If I make this beer again... no, scratch that.  I WILL make this beer again.  You can count on it. When I do, I plan to make some very subtle changes:
  • Use the new temperature controller I purchased from Amazon.com.  In tests with an insulated cooler and seedling mat, I was able to properly maintain conditioning temperatures for my last two batches of beer.  This controller is better quality than my other one and is much easier to set and calibrate.  (Here's a link to it, in case you want one for yourself.)  This should keep my fermentation temperature closer to 72F and dial back the warming element in this beer.
  • As I learned two batches AFTER making this beer, I need to adjust my sparge water calculation and possibly extend the mash time.  On a later batch, those two adjustments allowed me to exactly hit my target gravity and post-boil volume.
  • Use a full pound of D-90 and a full pound of D-45 syrup in the next batch.  The flavor comes through in this one, but I'd like to punch it up a bit.
  • Make sure my yeast isn't expired and prepare a starter in advance.
  • Use candi syrup to carbonate the beer to a higher CO2 volume.
  • Consider adding some wheat malt or dextrine malt to improve the head and head retention.
  • Dial the hops bitterness back a bit.  Maybe aim for 27 instead of 30 IBUs in BeerSmith.
This sounds like I think the beer needs a lot of improvement.  Trust me, it doesn't.  It's a delicious beer as-is, and the batch is disappearing from my cellar quicker than almost any other I've made.

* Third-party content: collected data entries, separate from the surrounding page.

Lemma size_block_fan B (L : seq nat) : uniq L ->
  {in L, forall i, [/\ i <= T, 0 < g i & block p (g i) = B]} -> size L <= p.
Proof.
move=> uL HL; rewrite -(size_map g); apply: (size_block (B := B)); first lia.
  by rewrite map_inj_in_uniq // => i j /HL [hi _ _] /HL [hj _ _]; apply: g_inj.
by move=> _ /mapP [i /HL [_ gi bi] ->].
Qed.

Lemma centre_not_hub : g 0 != 0.
Proof.
apply/eqP => g0.
have step i : 1 <= i < T -> block p (g i.+1) = block p (g i).
  move=> hi; have := colour_hubl i g0; have := colour_hubl i.+1 g0.
  have := @g_rainbow 0 i i i.+1; have := @g_rainbow 0 i.+1 i i.+1.
  have := @rim_split i i.+1; have := @pos_off_hub 0 i; have := @pos_off_hub 0 i.+1.
  rewrite /fan_rel; lia.
have same i : 1 <= i <= T -> block p (g i) = block p (g 1).
  by elim: i => [|[|i] IH] hi //; rewrite step ?IH; lia.
suff: T <= p by lia.
rewrite -[X in X <= _](size_iota 1 T); apply: (size_block_fan (B := block p (g 1))).
  exact: iota_uniq.
move=> i; rewrite mem_iota => hi.
by split; [lia|apply: (pos_off_hub (k := 0))|apply: same]; lia.
Qed.

Lemma rim_centre_hub_on_path : 0 < g 0 -> T = 3 /\ exists2 i, 0 < i <= 3 & g i = 0.
Proof.
move=> h0; set L := [seq g i | i <- iota 1 T].
have uL : uniq L.
  by rewrite map_inj_in_uniq ?iota_uniq // => i j; rewrite !mem_iota => hi hj /g_inj; lia.
have nbr : {subset L <= 0 :: rim_neighbours d (g 0)}.
  move=> x /mapP [i]; rewrite mem_iota => hi ->.
  by apply: wheel_rel_rim; rewrite ?h0 ?g_le //; apply: g_hom; rewrite /fan_rel; lia.
have T3 : T = 3 by have := uniq_leq_size uL nbr; rewrite size_map size_iota /=; lia.
split=> //; have /mapP [i] : 0 \in L.
  apply: contraT => nL; suff /(uniq_leq_size uL) : {subset L <= rim_neighbours d (g 0)}.
    by rewrite size_map size_iota T3.
  by move=> v vL; move: (nbr v vL); rewrite inE; case: eqP => [v0|//]; rewrite -v0 vL in nL.
by rewrite mem_iota T3 => hi g0; exists i.
Qed.

Lemma rim_triple_blocks i j k : T = 3 -> uniq [:: i; j; k] ->
  i <= 3 -> j <= 3 -> k <= 3 -> 0 < g i -> 0 < g j -> 0 < g k ->
  block p (g j) = block p (g i) -> block p (g k) = block p (g i) -> False.
Proof.
move=> T3 u hi hj hk gi gj gk bj bk.
suff: size [:: i; j; k] <= p by rewrite T3.
apply: (size_block_fan (B := block p (g i))) => // v.
by rewrite !inE => /or3P [] /eqP ->; split => //; rewrite T3.
Qed.

Lemma hub_not_path_mid : T = 3 -> 0 < g 0 -> g 2 != 0.
Proof.
move=> T3 h0; apply/eqP => g2.
have same j : (j = 1) \/ (j = 3) -> block p (g j) = block p (g 0).
  case=> ->; have := colour_hubr 0 g2.
  - have := colour_hubr 1 g2; have := @g_rainbow 0 1 0 2; have := @g_rainbow 0 1 1 2.
    have := @rim_split 0 1; have := @pos_off_hub 2 1; rewrite /fan_rel /=; lia.
  - have := colour_hubr 3 g2; have := @g_rainbow 0 3 0 2; have := @g_rainbow 0 3 3 2.
    have := @rim_split 0 3; have := @pos_off_hub 2 3; rewrite /fan_rel /=; lia.
have := @rim_triple_blocks 0 1 3 T3 isT; have := @pos_off_hub 2 1; have := @pos_off_hub 2 3.
have := same 1; have := same 3; lia.
Qed.

(* The copy contains the spokes at g 0 and g 2, so the rim edge {g 0, g 2} lies
   in a block; so does {g 2, g 3}, unless it repeats the colour of the spoke
   at g 3, in which case {g 0, g 3} lies in a block. *)
Lemma hub_not_path_first : T = 3 -> 0 < g 0 -> g 1 != 0.
Proof.
move=> T3 h0; apply/eqP => g1.
have := colour_hubr 0 g1; have := colour_hubl 2 g1 => c12 c01.
have [g2 g3] : 0 < g 2 /\ 0 < g 3 by split; apply: (pos_off_hub (k := 1)); rewrite ?T3.
have b02 : block p (g 2) = block p (g 0).
  have := @g_rainbow 0 2 0 1; have := @g_rainbow 0 2 1 2; have := @rim_split 0 2.
  rewrite /fan_rel /=; lia.
have b03 : block p (g 3) = block p (g 0).
  have leT v : v <= 3 -> v <= T by rewrite T3.
  case: (rim_split (leT 2 isT) (leT 3 isT) isT g2 g3) => [|[|c23]]; first lia.
    by have := @g_rainbow 2 3 1 2; rewrite /fan_rel /=; lia.
  have := @g_rainbow 0 3 0 1; have := @g_rainbow 0 3 2 3; have := @rim_split 0 3.
  rewrite /fan_rel /=; lia.
by apply: (@rim_triple_blocks 0 2 3 T3 isT) => //; lia.
Qed.

Lemma hub_not_path_last : T = 3 -> 0 < g 0 -> g 3 != 0.
Proof.
move=> T3 h0; apply/eqP => g3.
have := colour_hubr 0 g3; have := colour_hubl 2 g3 => c32 c03.
have [g2 g1] : 0 < g 2 /\ 0 < g 1 by split; apply: (pos_off_hub (k := 3)); rewrite ?T3.
have b02 : block p (g 2) = block p (g 0).
  have := @g_rainbow 0 2 0 3; have := @g_rainbow 0 2 3 2; have := @rim_split 0 2.
  rewrite /fan_rel /=; lia.
have b01 : block p (g 1) = block p (g 0).
  have leT v : v <= 3 -> v <= T by rewrite T3.
  case: (rim_split (leT 2 isT) (leT 1 isT) isT g2 g1) => [|[|c21]]; first lia.
    by have := @g_rainbow 2 1 3 2; rewrite /fan_rel /=; lia.
  have := @g_rainbow 0 1 0 3; have := @g_rainbow 0 1 2 1; have := @rim_split 0 1.
  rewrite /fan_rel /=; lia.
by apply: (@rim_triple_blocks 0 2 1 T3 isT) => //; lia.
Qed.

Lemma no_rainbow_fan_nat : False.
Proof.
have h0 : 0 < g 0 by rewrite lt0n centre_not_hub.
have [T3 [i hi gi]] := rim_centre_hub_on_path h0.
have := hub_not_path_first T3 h0; have := hub_not_path_mid T3 h0.
have := hub_not_path_last T3 h0.
by case: i hi gi => [|[|[|[|i]]]] // _ ->.
Qed.

End NoRainbowFan.

Lemma no_rainbow_fan d T : 3 <= T ->
  ~ has_rainbow_copy (@wheel_adj d) (@fan_adj T.+1) (wheel_colouring d T.-1).
Proof. by move=> T3 /rainbow_fan_nat [g [*]]; apply: (@no_rainbow_fan_nat d T g). Qed.

Lemma ltn_rb (T : finType) (adjG : rel T) (U : finType) (adjH : rel U) k c :
  k <= ncolors adjG c -> ~ has_rainbow_copy adjG adjH c -> k < rb adjG adjH.
Proof.
move=> kc no_rb; rewrite /rb; case: ex_minnP => m /asboolP rb_m _.
by rewrite ltnNge; apply/negP => /leq_trans/(_ kc)/rb_m.
Qed.

Theorem theorem4p1 (d t : nat) (hdt : t.-1 <= d) (ht : 4 <= t) :
  ((2 * t - 5) * d) %/ (t - 2) + 1 <= rb (@wheel_adj d) (@fan_adj t).
Proof.
(* The colouring works for every d: [hdt] only rules out wheels too small to
   contain F_t at all. *)
case: t hdt ht => // T _ ht; rewrite addn1.
apply: (ltn_rb (c := wheel_colouring d T.-1)); last by apply: no_rainbow_fan; lia.
have -> : 2 * T.+1 - 5 = 2 * T.-1 - 1 by lia.
rewrite subn2 /=; apply: leq_trans (bound_leq_colour_count _ _) _; first lia.
by apply: ncolors_wheel_colouring; lia.
Qed.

Update 4/3/2016:  To give you some idea how well this beer is going over with my family, friends, and me, we've polished off about 25 bottles of it in about a month.  That's only because I'm consciously trying to keep it around to see how it tastes as it ages.  It's a beer I could happily drink any day of the week.  The only negative vote it's gotten was from someone who prefers his beers more dry and hop-forward.






Comments

  1. Looking forward to hearing what you think of this, it's on my list.